New Strange Recordings Allow Us To Hear the Unseen World of Trees
Underground sounds may help save one of the largest organisms in the world.
On a hillside in Utah’s Fishlake National Forest is a tree, and if you listen very carefully, this aspen is talking to us.
This one plant actually looks like a forest of 47,000 genetically identical trees, which are effectively branches of the same organism connected by a massive root system. Each stem or ramet is a clone of the original tree, called trembling aspen (species Populus temuloides), all emanating from a single seed that sprouted over 9,000 years ago. Known as “Pando,” it is the world’s largest tree and one of the largest living organisms on the planet.
We can say the tree is talking to us thanks to the work of sound artist Jeff Rice. As artist in residence with the non-profit Friends of Pando, Rice created a body of audio work listening to and recording the innermost workings of the tree’s root system. He did this by using an array of different microphones, including stereo and ambisonic rigs for capturing soundscapes and more experimental gear like stethoscopes, contact mics, and hydrophones, which were designed for listening underwater.
The result is a beautiful, otherworldly song of the forest that invites us into the hidden world of Pando. But apart from its artistic value, the recordings present scientific possibilities that can help conserve the tree.
“Can we use sound to understand the root system?” says Lance Oditt, founder and Executive Director of Friends of Pando. “Can we use sound to transmit data through the tree by sending signals through the root system at certain points and then listening for feedback throughout the tree and using that to map the root system?”
The idea that roots are connected and transmitting things like sounds—and other communications—is something biologists are now understanding better. This is true not just for a single organism like Pando that’s already connected, but for forests of unrelated trees as well.
“Trees are connected by mycelium networks,” says David George Haskell, a biologist at Sewanee: The University of the South in Tennessee and author of Sounds Wild and Broken and The Songs of Trees. “There are some studies that show they are sharing minerals and nutrients like sugars, they may be communicating.”

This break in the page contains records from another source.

Lemma fdeg_le_balanced (G : graph n) : simple_graph G -> Kfree m.+2 G ->
  (fdeg p G <= balanced_value p m.+1 n)%R.
Proof.
move=> G_simple G_free.
have [|c [c_lt c_deg]] := degree_majorization G_simple (k := m.+1) (S := setT).
  move=> T _ cardT; apply: contra G_free => clT.
  by apply/existsP; exists T; rewrite cardT eqxx.
pose col u : 'I_m.+1 := Ordinal (c_lt u (in_setT u)).
apply: (@Rle_trans _ (\big[Rplus/0%R]_u npow #|[set v | col v != col u]| p)).
  apply: Rsum_le => u _; apply: npow_homo => //; rewrite /deg.
  by have := c_deg u (in_setT u); congr (_ <= _); apply: eq_card => v; rewrite !inE.
by rewrite sum_npow_colours; apply: weights_le_balanced (sum_card_colour_classes col).
Qed.

Lemma phi_turan : phi m.+1 p n = fdeg p (turan m.+1 n).
Proof.
apply: Rle_antisym.
  rewrite fdeg_turan; apply: (big_ind (fun x => x <= _)%R).
  - by rewrite -fdeg_turan; apply: Rsum_ge0 => u _; apply: npow_ge0.
  - by move=> x y; apply: Rmax_lub.
  by move=> G /andP [G_simple G_free]; apply: fdeg_le_balanced.
apply: Rbigmax_ge; first by rewrite mem_index_enum.
by rewrite turan_simple turan_Kfree.
Qed.

End LargeOrder.

Theorem theorem1 (r : nat) (p : R) :
  (2 <= r)%N -> (0 < p)%R -> (p < INR r)%R ->
  exists n0 : nat, forall n : nat, (n0 <= n)%N -> phi r p n = fdeg p (turan r n).
Proof.
case: r => [//|m] m_gt0 p_gt0 p_lt_r.
have [n0 n0_large] := large_order_eventually p_lt_r.
by exists n0 => n /n0_large [n_ge n_large]; apply: phi_turan.
Qed.
(* Let $n=2\ell$ where $\ell\ge3$ is odd. For $0\le k\le n-1$ let $p_k:=\left(1,\cos\frac{2\pi k}{n},\sin\frac{2\pi k}{n}\right)\in\mathbb{R}^3$, and let $X:=(\langle p_k,p_{k'}\rangle)_{0\le k,k'\le n-1}$. Then $X$ is a Gram-Lorentz matrix that is not completely positive; in particular $X$ is completely positive semidefinite but not completely positive.
   Context: The Lorentz cone is $\mathcal{L}_m:=\{(c,x)\in\mathbb{R}\times\mathbb{R}^{m-1}: c\ge\|x\|\}$. A real symmetric $n\times n$ matrix is Gram-Lorentz if it is the Gram matrix of vectors lying in some $\mathcal{L}_m$. An $n\times n$ matrix $X$ is completely positive if $X_{ij}=\langle a_i,a_j\rangle$ for some entrywise nonnegative vectors $a_1,\dots,a_n\in\mathbb{R}^k_+$, and completely positive semidefinite if $X_{ij}=\mathrm{Tr}(P_iP_j)$ for some Hermitian positive semidefinite $d\times d$ matrices $P_1,\dots,P_n$ (some $d\ge1$). *)

From HB Require Import structures.
From mathcomp Require Import all_boot all_order all_algebra.
From mathcomp Require Import all_classical all_reals.
From mathcomp Require Import complex.
From mathcomp Require Import trigo.
Set Implicit Arguments. Unset Strict Implicit. Unset Printing Implicit Defensive.
Import Order.TTheory GRing.Theory Num.Theory.
Local Open Scope ring_scope.

Definition dotv (R : realType) (m : nat) (u v : 'rV[R]_m) : R :=
  \sum_(i < m) u 0 i * v 0 i.

Definition lorentz_cone (R : realType) (m : nat) (v : 'rV[R]_m.+1) : Prop :=
  Num.sqrt (\sum_(i < m) (v 0 (lift ord0 i)) ^+ 2) <= v 0 ord0.

Definition gram_lorentz (R : realType) (n : nat) (X : 'M[R]_n) : Prop :=
  exists (m : nat) (a : 'I_n -> 'rV[R]_m.+1),
    (forall i, lorentz_cone (a i)) /\
    (forall i j, X i j = dotv (a i) (a j)).

Definition completely_positive (R : realType) (n : nat) (X : 'M[R]_n) : Prop :=
  exists (k : nat) (a : 'I_n -> 'rV[R]_k),
    (forall i l, 0 <= a i 0 l) /\
    (forall i j, X i j = dotv (a i) (a j)).

Definition adjmx (R : rcfType) (m n : nat) (A : 'M[R[i]]_(m, n)) : 'M[R[i]]_(n, m) :=
  (map_mx Num.conj A)^T.

Definition herm_psd (R : rcfType) (d : nat) (P : 'M[R[i]]_d) : Prop :=
  adjmx P = P /\ forall v : 'cV[R[i]]_d, 0 <= (adjmx v *m P *m v) 0 0.

Definition cpsd (R : realType) (n : nat) (X : 'M[R]_n) : Prop :=
  exists (d : nat) (P : 'I_n -> 'M[R[i]]_d),
    (0 < d)%N /\ (forall i, herm_psd (P i)) /\
    (forall i j, \tr (P i *m P j) = real_complex R (X i j)).

Definition pk (R : realType) (n : nat) (k : 'I_n) : 'rV[R]_3 :=
  let t := 2 * pi * k%:R / n%:R in
  \row_(j < 3) [:: 1; cos t; sin t]`_j.

Definition Xmat (R : realType) (n : nat) : 'M[R]_n :=
  \matrix_(k < n, k' < n) dotv (pk R k) (pk R k').

From HB Require Import structures.
From mathcomp Require Import all_boot all_order all_algebra.
From mathcomp Require Import all_classical all_reals.
From mathcomp Require Import complex trigo.
From mathcomp Require Import lra ring zify.
Import Order.TTheory GRing.Theory Num.Theory.
Local Open Scope ring_scope.
Set Implicit Arguments. Unset Strict Implicit. Unset Printing Implicit Defensive.

(* The p_k lie on the boundary of the Lorentz cone L_3, and the isometric
   embedding (x0, x1, x2) |-> [[x0 + x2, x1], [x1, x0 - x2]] / sqrt 2 of L_3
   into the 2 x 2 positive semidefinite matrices turns every Gram-Lorentz
   matrix of vectors of L_3 into a completely positive semidefinite one.
   Suppose X were the Gram matrix of nonnegative vectors a_k.  Families with
   the same Gram matrix satisfy the same linear relations, so with
   c = cos (pi / l) the relations p_0 + p_l = p_1 + p_(l+1) = p_2 + p_(l+2)
   and p_0 + p_2 = (1 + c) p_1 + (1 - c) p_(l+1) hold for the a_k as well.
   Antipodal p_k are orthogonal, so a_k and a_(k+l) have disjoint supports.
   Coordinatewise this forces a_1 = 0, contradicting |a_1|^2 = |p_1|^2 = 2. *)

Section Gram.
Variable R : realType.

Lemma dotvDl m (u v w : 'rV[R]_m) : dotv (u + v) w = dotv u w + dotv v w.
Proof. by rewrite /dotv -big_split; apply: eq_bigr => i _; rewrite mxE mulrDl. Qed.

Lemma dotvZl m c (u w : 'rV[R]_m) : dotv (c *: u) w = c * dotv u w.
Proof. by rewrite /dotv mulr_sumr; apply: eq_bigr => i _; rewrite mxE mulrA. Qed.

Lemma dotv0l m (w : 'rV[R]_m) : dotv 0 w = 0.
Proof. by rewrite /dotv big1 // => i _; rewrite mxE mul0r. Qed.

Lemma dotvC m (u w : 'rV[R]_m) : dotv u w = dotv w u.
Proof. by apply: eq_bigr => i _; rewrite mulrC. Qed.

Lemma dotvv_eq0 m (u : 'rV[R]_m) : dotv u u = 0 -> u = 0.
Proof.
move=> /eqP; rewrite psumr_eq0 => [/allP uu0|i _]; last by rewrite -expr2 sqr_ge0.
apply/rowP => j; rewrite mxE; apply/eqP.
by have /implyP/(_ isT) := uu0 j (mem_index_enum j); rewrite mulf_eq0 orbb.
Qed.

Lemma dotv_nneg_eq0 m (u v : 'rV[R]_m) :
  (forall r, 0 <= u 0 r) -> (forall r, 0 <= v 0 r) ->
  dotv u v = 0 -> forall r, u 0 r * v 0 r = 0.
Proof.
move=> u_ge0 v_ge0 /eqP; rewrite psumr_eq0 => [/allP uv0 r|i _]; last exact: mulr_ge0.
by apply/eqP; have /implyP/(_ isT) := uv0 r (mem_index_enum r).
Qed.

Definition lincomb n m (a : 'I_n -> 'rV[R]_m) (s : seq (R * 'I_n)) : 'rV[R]_m :=
  \sum_(x <- s) x.1 *: a x.2.

Lemma dotv_lincombl n m (a : 'I_n -> 'rV[R]_m) s w :
  dotv (lincomb a s) w = \sum_(x <- s) x.1 * dotv (a x.2) w.
Proof.
elim: s => [|x s IHs]; first by rewrite /lincomb !big_nil dotv0l.
by rewrite /lincomb !big_cons dotvDl dotvZl -/(lincomb a s) IHs.
Qed.

Lemma dotv_lincomb n m (a : 'I_n -> 'rV[R]_m) s t :
  dotv (lincomb a s) (lincomb a t) =
  \sum_(x <- s) \sum_(y <- t) x.1 * y.1 * dotv (a x.2) (a y.2).
Proof.
rewrite dotv_lincombl; apply: eq_bigr => x _; rewrite dotvC dotv_lincombl mulr_sumr.
by apply: eq_bigr => y _; rewrite mulrA [dotv (a y.2) _]dotvC.
Qed.

Lemma lincomb_cat_opp n m (a : 'I_n -> 'rV[R]_m) s t :
  lincomb a (s ++ [seq (- x.1, x.2) | x <- t]) = lincomb a s - lincomb a t.
Proof.
rewrite /lincomb big_cat big_map /= -sumrN; congr (_ + _).
by apply: eq_bigr => x _; rewrite scaleNr.
Qed.

Section SameGram.
Variables (n m m' : nat) (a : 'I_n -> 'rV[R]_m) (b : 'I_n -> 'rV[R]_m').
Hypothesis gram_ab : forall i j, dotv (a i) (a j) = dotv (b i) (b j).

Lemma gram_dotv_lincomb s t :
  dotv (lincomb a s) (lincomb a t) = dotv (lincomb b s) (lincomb b t).
Proof.
by rewrite !dotv_lincomb; apply: eq_bigr => x _; apply: eq_bigr => y _; rewrite gram_ab.
Qed.

Lemma gram_lincomb_eq s t : lincomb b s = lincomb b t -> lincomb a s = lincomb a t.
Proof.
move=> bst; apply/eqP; rewrite -subr_eq0 -lincomb_cat_opp; apply/eqP/dotvv_eq0.
by rewrite gram_dotv_lincomb lincomb_cat_opp bst subrr dotv0l.
Qed.

End SameGram.

End Gram.

(* Each of x0, x2 is 0 or S := x1 + y1, whereas (1 + c) x1 + (1 - c) y1 is
   (1 + c) S or (1 - c) S. *)
Lemma disjoint_pairs_sum_eq0 (R : realDomainType) (c x0 y0 x1 y1 x2 y2 : R) :
  0 < c < 1 ->
  0 <= x0 -> 0 <= y0 -> 0 <= x1 -> 0 <= y1 -> 0 <= x2 -> 0 <= y2 ->
  x0 * y0 = 0 -> x1 * y1 = 0 -> x2 * y2 = 0 ->
  x0 + y0 = x1 + y1 -> x2 + y2 = x1 + y1 ->
  x0 + x2 = (1 + c) * x1 + (1 - c) * y1 -> x1 + y1 = 0.
Proof.
move=> /andP[c_gt0 c_lt1] + + + + + + /eqP + /eqP + /eqP.
rewrite !mulf_eq0 => ? ? ? ? ? ? /orP[] /eqP-> /orP[] /eqP-> /orP[] /eqP->; nra.
Qed.

Lemma gram_not_cp (R : realType) n m (p : 'I_n -> 'rV[R]_m) (c : R)
    (i0 i1 i2 j0 j1 j2 : 'I_n) :
  0 < c < 1 ->
  dotv (p i0) (p j0) = 0 -> dotv (p i1) (p j1) = 0 -> dotv (p i2) (p j2) = 0 ->
  p i0 + p j0 = p i1 + p j1 -> p i2 + p j2 = p i1 + p j1 ->
  p i0 + p i2 = (1 + c) *: p i1 + (1 - c) *: p j1 ->
  p i1 != 0 ->
  ~ completely_positive (\matrix_(i, j) dotv (p i) (p j)).
Proof.
move=> c01 p0_orth p1_orth p2_orth p01 p21 p012 p1_neq0 [k [a [a_ge0 Xa]]].
have gram_ap i j : dotv (a i) (a j) = dotv (p i) (p j) by rewrite -Xa mxE.
have lincomb2 f (x y : R * 'I_n) :
    lincomb f [:: x; y] = x.1 *: f x.2 + y.1 *: f y.2.
  by rewrite /lincomb !big_cons big_nil addr0.
have a01 : a i0 + a j0 = a i1 + a j1.
  have := gram_lincomb_eq gram_ap (s := [:: (1, i0); (1, j0)])
    (t := [:: (1, i1); (1, j1)]).
  by rewrite !lincomb2 /= !scale1r; apply.
have a21 : a i2 + a j2 = a i1 + a j1.
  have := gram_lincomb_eq gram_ap (s := [:: (1, i2); (1, j2)])
    (t := [:: (1, i1); (1, j1)]).
  by rewrite !lincomb2 /= !scale1r; apply.
have a012 : a i0 + a i2 = (1 + c) *: a i1 + (1 - c) *: a j1.
  have := gram_lincomb_eq gram_ap (s := [:: (1, i0); (1, i2)])
    (t := [:: (1 + c, i1); (1 - c, j1)]).
  by rewrite !lincomb2 /= !scale1r; apply.
have a_disj i j : dotv (p i) (p j) = 0 -> forall r, a i 0 r * a j 0 r = 0.
  by move=> pij0; apply: dotv_nneg_eq0 => //; rewrite gram_ap.
have a1_eq0 : a i1 = 0.
  apply/rowP => r; rewrite mxE.
  suff /eqP : a i1 0 r + a j1 0 r = 0 by rewrite paddr_eq0 // => /andP[/eqP].
  move: a01 a21 a012 => /rowP/(_ r) + /rowP/(_ r) + /rowP/(_ r); rewrite !mxE.
  exact: disjoint_pairs_sum_eq0 (a_disj _ _ p0_orth r) (a_disj _ _ p1_orth r)
    (a_disj _ _ p2_orth r).
by move/eqP: p1_neq0; apply; apply/dotvv_eq0; rewrite -gram_ap a1_eq0 dotv0l.
Qed.

Lemma quad2_ge0 (R : realDomainType) (a b d x y : R) :
  0 <= a -> 0 <= d -> b ^+ 2 <= a * d -> 0 <= a * x ^+ 2 + 2 * b * x * y + d * y ^+ 2.
Proof.
rewrite le0r => /orP[/eqP-> d_ge0|a_gt0 d_ge0 bad].
  rewrite mul0r => b2_le0.
  have -> : b = 0 by apply/eqP; rewrite -sqrf_eq0 eq_le b2_le0 sqr_ge0.
  nra.
rewrite -(pmulr_rge0 _ a_gt0).
have -> : a * (a * x ^+ 2 + 2 * b * x * y + d * y ^+ 2) =
    (a * x + b * y) ^+ 2 + (a * d - b ^+ 2) * y ^+ 2 by ring.
by rewrite addr_ge0 ?sqr_ge0 // mulr_ge0 ?sqr_ge0 // subr_ge0.
Qed.

Definition symmx2 (R : nzRingType) (a b d : R) : 'M[R]_2 :=
  \matrix_(i, j) nth 0 (nth [::] [:: [:: a; b]; [:: b; d]] i) j.

Lemma herm_psd_symmx2 (R : rcfType) (a b d : R) :
  0 <= a -> 0 <= d -> b ^+ 2 <= a * d -> herm_psd (map_mx (real_complex R) (symmx2 a b d)).
Proof.
move=> a_ge0 d_ge0 bad; split.
  apply/matrixP => i j; rewrite !mxE.
  by case: i => [[|[|i]] hi]; case: j => [[|[|j]] hj]; rewrite //=; apply: conjc_real.
move=> v; rewrite !mxE !big_ord_recl big_ord0 /= !mxE !big_ord_recl !big_ord0 /= !mxE /=.
case: (v ord0 ord0) => x1 y1; case: (v (lift ord0 ord0) ord0) => x2 y2.
rewrite /real_complex_def; simpc; apply/andP; split; first by apply/eqP; ring.
have := quad2_ge0 x1 x2 a_ge0 d_ge0 bad; have := quad2_ge0 y1 y2 a_ge0 d_ge0 bad.
lra.
Qed.

Section Spin.
Variable R : rcfType.

Definition spin2 (x0 x1 x2 : R) : 'M[R]_2 :=
  symmx2 ((x0 + x2) / Num.sqrt 2) (x1 / Num.sqrt 2) ((x0 - x2) / Num.sqrt 2).

Lemma spin2_psd (x0 x1 x2 : R) :
  Num.sqrt (x1 ^+ 2 + x2 ^+ 2) <= x0 -> herm_psd (map_mx (real_complex R) (spin2 x0 x1 x2)).
Proof.
move=> cone; have s_ge0 : 0 <= x1 ^+ 2 + x2 ^+ 2 by rewrite addr_ge0 ?sqr_ge0.
have [x0_ge0 s_le] : 0 <= x0 /\ x1 ^+ 2 + x2 ^+ 2 <= x0 ^+ 2.
  have := sqr_sqrtr s_ge0; have := sqrtr_ge0 (x1 ^+ 2 + x2 ^+ 2).
  move: (Num.sqrt _) cone => t; nra.
have h_ge0 : 0 <= (Num.sqrt 2 : R)^-1 by rewrite invr_ge0 sqrtr_ge0.
rewrite /spin2; move: (Num.sqrt 2)^-1 h_ge0 => h h_ge0.
have [x0x2_ge0 x0x2'_ge0] : 0 <= x0 + x2 /\ 0 <= x0 - x2 by split; nra.
apply: herm_psd_symmx2; rewrite ?mulr_ge0 //.
rewrite -subr_ge0.
have -> : (x0 + x2) * h * ((x0 - x2) * h) - (x1 * h) ^+ 2 =
    h ^+ 2 * (x0 ^+ 2 - (x1 ^+ 2 + x2 ^+ 2)) by ring.
by rewrite mulr_ge0 ?sqr_ge0 // subr_ge0.
Qed.

Lemma mxtrace_spin2 (x0 x1 x2 y0 y1 y2 : R) :
  \tr (spin2 x0 x1 x2 *m spin2 y0 y1 y2) = x0 * y0 + x1 * y1 + x2 * y2.
Proof.
rewrite /mxtrace !big_ord_recl !big_ord0 !mxE !big_ord_recl !big_ord0 !mxE /=.
have h2 : (Num.sqrt 2)^-1 * (Num.sqrt 2)^-1 = 2^-1 :> R.
  by rewrite -invfM -expr2 sqr_sqrtr // ler0n.
move: (Num.sqrt 2)^-1 h2 => h h2.
transitivity ((h * h) * (2 * (x0 * y0 + x1 * y1 + x2 * y2))); first ring.
by rewrite h2 mulrA mulVf ?mul1r // pnatr_eq0.
Qed.

End Spin.

Lemma gram_lorentz3_cpsd (R : realType) n (a : 'I_n -> 'rV[R]_3) :
  (forall i, lorentz_cone (a i)) -> cpsd (\matrix_(i, j) dotv (a i) (a j)).
Proof.
move=> a_cone; exists 2%N.
exists (fun i => map_mx (real_complex R)
  (spin2 (a i 0 ord0) (a i 0 (lift ord0 ord0)) (a i 0 (lift ord0 (lift ord0 ord0))))).
split=> //; split=> [i|i j].
  by apply: spin2_psd; have := a_cone i; rewrite /lorentz_cone !big_ord_recl big_ord0 addr0.
by rewrite -map_mxM trace_map_mx mxtrace_spin2 mxE /dotv !big_ord_recl big_ord0 addr0 addrA.
Qed.

Section Polygon.
Variable R : realType.

Lemma pk_lorentz n (k : 'I_n) : lorentz_cone (pk R k).
Proof. by rewrite /lorentz_cone !big_ord_recl big_ord0 !mxE /= addr0 cos2Dsin2 sqrtr1. Qed.

Lemma gram_lorentz_Xmat n : gram_lorentz (Xmat R n).
Proof. by exists 2%N, (@pk R n); split=> [|i j]; [exact: pk_lorentz | rewrite mxE]. Qed.

Lemma cpsd_Xmat n : cpsd (Xmat R n).
Proof. exact: gram_lorentz3_cpsd (@pk_lorentz n). Qed.

Lemma pk_neq0 n (k : 'I_n) : pk R k != 0.
Proof. by apply/negP => /eqP/rowP/(_ ord0); rewrite !mxE /=; apply/eqP; rewrite oner_eq0. Qed.

Variable l : nat.
Local Notation theta := (pi / l%:R : R).

Lemma pkE (k : 'I_(2 * l)) j :
  pk R k 0 j = [:: 1; cos (k%:R * theta); sin (k%:R * theta)]`_j.
Proof.
have l_gt0 : (0 < l)%N by have := ltn_ord k; lia.
rewrite mxE natrM; congr [:: _; cos _; sin _]`_j; field; by rewrite pnatr_eq0 -lt0n.
Qed.

Lemma pk_antipodeE (i j : 'I_(2 * l)) r : j = (i + l)%N :> nat ->
  pk R j 0 r = [:: 1; - cos (i%:R * theta); - sin (i%:R * theta)]`_r.
Proof.
have l_gt0 : (0 < l)%N by have := ltn_ord i; lia.
move=> ji; rewrite pkE ji natrD mulrDl [l%:R * _]mulrC divfK ?pnatr_eq0 -?lt0n //.
by rewrite cosDpi sinDpi.
Qed.

Lemma dotv_pk_antipode (i j : 'I_(2 * l)) :
  j = (i + l)%N :> nat -> dotv (pk R i) (pk R j) = 0.
Proof.
move=> ji; rewrite /dotv !big_ord_recl big_ord0 !(pk_antipodeE _ ji) !pkE /=.
have := cos2Dsin2 (i%:R * theta); lra.
Qed.

Lemma pk_add_antipode (i j i' j' : 'I_(2 * l)) :
  j = (i + l)%N :> nat -> j' = (i' + l)%N :> nat -> pk R i + pk R j = pk R i' + pk R j'.
Proof.
move=> ji j'i'; apply/rowP => r; rewrite [LHS]mxE [RHS]mxE.
rewrite (pk_antipodeE _ ji) (pk_antipodeE _ j'i') !pkE.
by case: r => [[|[|[|r]]] ?] //=; rewrite !subrr.
Qed.

Lemma pk_add_neighbours (i0 i1 i2 j1 : 'I_(2 * l)) :
  i1 = i0.+1 :> nat -> i2 = i1.+1 :> nat -> j1 = (i1 + l)%N :> nat ->
  pk R i0 + pk R i2 = (1 + cos theta) *: pk R i1 + (1 - cos theta) *: pk R j1.
Proof.
move=> i10 i21 j11; apply/rowP => r.
rewrite [LHS]mxE [RHS]mxE [(_ *: pk R i1) 0 r]mxE [(_ *: pk R j1) 0 r]mxE.
rewrite (pk_antipodeE _ j11) !pkE i21.
have -> : i0%:R * theta = i1%:R * theta - theta.
  by rewrite i10 -(natr1 i0) (mulrDl _ 1) mul1r addrK.
rewrite -(natr1 i1) (mulrDl _ 1) mul1r; set a := i1%:R * theta.
case: r => [[|[|[|r]]] ?] //=; rewrite ?cosD ?sinD ?cosN ?sinN; lra.
Qed.

Lemma Xmat_not_cp : (3 <= l)%N -> ~ completely_positive (Xmat R (2 * l)).
Proof.
move=> l_ge3; have pi_gt0 := pi_gt0 R.
have theta_gt0 : 0 < theta by rewrite divr_gt0 // ltr0n; lia.
have l_ge3R : 3 <= l%:R :> R by rewrite ler_nat.
have theta_lt : theta < pi / 2 by rewrite ltr_pdivrMr; nra.
have cos_gt0 : 0 < cos theta by apply: cos_gt0_pihalf; lra.
have sin_gt0 : 0 < sin theta by apply: sin_gt0_pi; lra.
have cos_lt1 : cos theta < 1 by have := cos2Dsin2 theta; nra.
pose i0 := @Ordinal (2 * l) 0 ltac:(lia).
pose i1 := @Ordinal (2 * l) 1 ltac:(lia).
pose i2 := @Ordinal (2 * l) 2 ltac:(lia).
pose j0 := @Ordinal (2 * l) l ltac:(lia).
pose j1 := @Ordinal (2 * l) l.+1 ltac:(lia).
pose j2 := @Ordinal (2 * l) l.+2 ltac:(lia).
apply: (@gram_not_cp _ _ _ (@pk R _) (cos theta) i0 i1 i2 j0 j1 j2).
- by rewrite cos_gt0 cos_lt1.
- exact: dotv_pk_antipode.
- exact: dotv_pk_antipode.
- exact: dotv_pk_antipode.
- exact: pk_add_antipode.
- exact: pk_add_antipode.
- exact: pk_add_neighbours.
- exact: pk_neq0.
Qed.
End Polygon.

Theorem corollary4p11 (R : realType) (l : nat) (hl : (3 <= l)%N) (hodd : odd l) :
  gram_lorentz (Xmat R (2 * l)) /\ ~ completely_positive (Xmat R (2 * l)) /\
  cpsd (Xmat R (2 * l)).
Proof.
split; first exact: gram_lorentz_Xmat.
split; first exact: Xmat_not_cp.
exact: cpsd_Xmat.
Qed.
(* Let $\Gamma$ be the subgroup of $\Gamma^6$ generated by $A$ and $\mathrm{H}$. Then $\mathrm{H}$ is normal in $\Gamma$, and the quotient group $\Gamma/\mathrm{H}$ is cyclic of order $8$, generated by the coset $\mathrm{H}A$.
   Context: Let $\langle x,y\rangle=x_1y_1+\dots+x_6y_6-x_7y_7$ on $\mathbb{R}^7$, $H^6=\{x:\langle x,x\rangle=-1,x_7>0\}$, and $e_1,\dots,e_7$ the standard basis. $\Gamma^6=PO_{6,1}\mathbb{Z}$ is the group of $7\times7$ integer matrices preserving $\langle\cdot,\cdot\rangle$ and mapping $H^6$ to itself. $\mathrm{K}^6$ is the group of the $64$ matrices $\mathrm{diag}(\varepsilon_1,\dots,\varepsilon_6,1)$, $\varepsilon_i=\pm1$. Define vectors $u_1,\dots,u_{27}$: $u_i=-e_i$ for $1\le i\le 6$; $u_7,\dots,u_{21}$ are $e_a+e_b+e_7$ for the pairs $(a,b)=(1,2),(1,3),(2,3),(1,4),(2,4),(3,4),(1,5),(2,5),(3,5),(4,5),(1,6),(2,6),(3,6),(4,6),(5,6)$ in this order; $u_{22},\dots,u_{27}$ are $\sum_{i=1}^6e_i-e_c+2e_7$ for $c=6,5,4,3,2,1$ in this order. Let $R_j$ be the reflection $x\mapsto x-2\langle x,u_j\rangle u_j$. For $7\le j\le27$ let $k_j\in\mathrm{K}^6$ be the matrix with $\varepsilon_i=-1$ exactly for $i\in N_j$, where $N_7=\{2,3,5\}$, $N_8=\{1,2,3,4,5\}$, $N_9=\{3,4,5\}$, $N_{10}=\{1,2,3,5,6\}$, $N_{11}=\{1,4,6\}$, $N_{12}=\{2,3,5\}$, $N_{13}=\{3,4,5\}$, $N_{14}=\{1,2,5\}$, $N_{15}=\{5\}$, $N_{16}=\{2,4,6\}$, $N_{17}=\{1,2,5\}$, $N_{18}=\{2,4,6\}$, $N_{19}=\{6\}$, $N_{20}=\{1,3,4\}$, $N_{21}=\{1,2,3,5,6\}$, $N_{22}=\{1,3,4\}$, $N_{23}=\{2\}$, $N_{24}=\{1,4,6\}$, $N_{25}=\{1,2,3,4,5\}$, $N_{26}=\{4\}$, $N_{27}=\{3\}$. Let $\mathrm{H}$ be the subgroup of $\Gamma^6$ generated by all matrices $\ell R_j\ell k_j$ with $\ell\in\mathrm{K}^6$ and $7\le j\le 27$. Let $A=\begin{pmatrix}1&0&0&0&0&0&0\\0&1&0&0&1&0&-1\\0&0&0&0&0&1&0\\0&-1&0&-1&0&0&1\\0&0&1&0&0&0&0\\0&0&0&-1&-1&0&1\\0&-1&0&-1&-1&0&2\end{pmatrix}.$ *)

(* 7x7 integer matrices, indices 1..7 of the paper are ordinals 0..6. *)
From mathcomp Require Import all_boot all_order all_algebra.
Set Implicit Arguments. Unset Strict Implicit. Unset Printing Implicit Defensive.
Import Order.TTheory GRing.Theory Num.Theory.
Local Open Scope ring_scope.

Notation mat7 := 'M[int]_7.

Definition evec (i : nat) : 'cV[int]_7 := \col_(k < 7) ((k.+1 == i)%N)%:R.

(* Lorentzian form matrix J = diag(1,...,1,-1); <x,y> = x^T J y *)
Definition Jmat : mat7 := \matrix_(i < 7, j < 7) (if i == j then (if (i.+1 == 7)%N then -1 else 1) else 0).

Definition pairs_ab : seq (nat * nat) :=
  [:: (1,2); (1,3); (2,3); (1,4); (2,4); (3,4); (1,5); (2,5); (3,5); (4,5);
      (1,6); (2,6); (3,6); (4,6); (5,6)].
Definition list_c : seq nat := [:: 6; 5; 4; 3; 2; 1].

This type of sharing and communication helps the survival of the whole forest. “Trees are living communities, and actually human beings are as well,” he continues. “The way that you triumph in a really competitive environment is not by going it alone as a heroic individual, but it’s by working with others.”
In the case with Pando, understanding how roots can communicate may help scientists understand what the tree is dealing with and what it needs. Oditt had previously created a 360 degree photographic project to visually map Pando, and Rice’s work adds data about the unseen side of the tree. The audio archive, with meticulously recorded dates, times, and locations, can be compared to future audio recordings to track imperceptible changes in the ecosystem above and below the land.
“The root system can be used to transmit sound and then pick that up at different points throughout Pando,” says Oditt. “That will allow us to map the root system. We know that roots are mostly water, so any variations in the acoustic profile can tell us about what’s happening down there, whether there is disease or stress.”
Oditt dismisses reports that Pando is in grave danger or even dying—in fact, he is positive about the tree’s future. Pando is a highly adaptive organism that has survived avalanches, landslides, and even a drought that lasted over three hundred years. Humans have a vital role to play in its survival, and this sound recording is another step forward.
“We can protect Pando, we can restore Pando, we can tilt the hormone balance to encourage cloning,” says Oditt. “It’s an area that has been managed by humans for thousands of years. We can become Pando’s gardeners, for lack of a better word. We need to understand soil, disease, and weather. These recordings become part of the data that will allow us to do that.”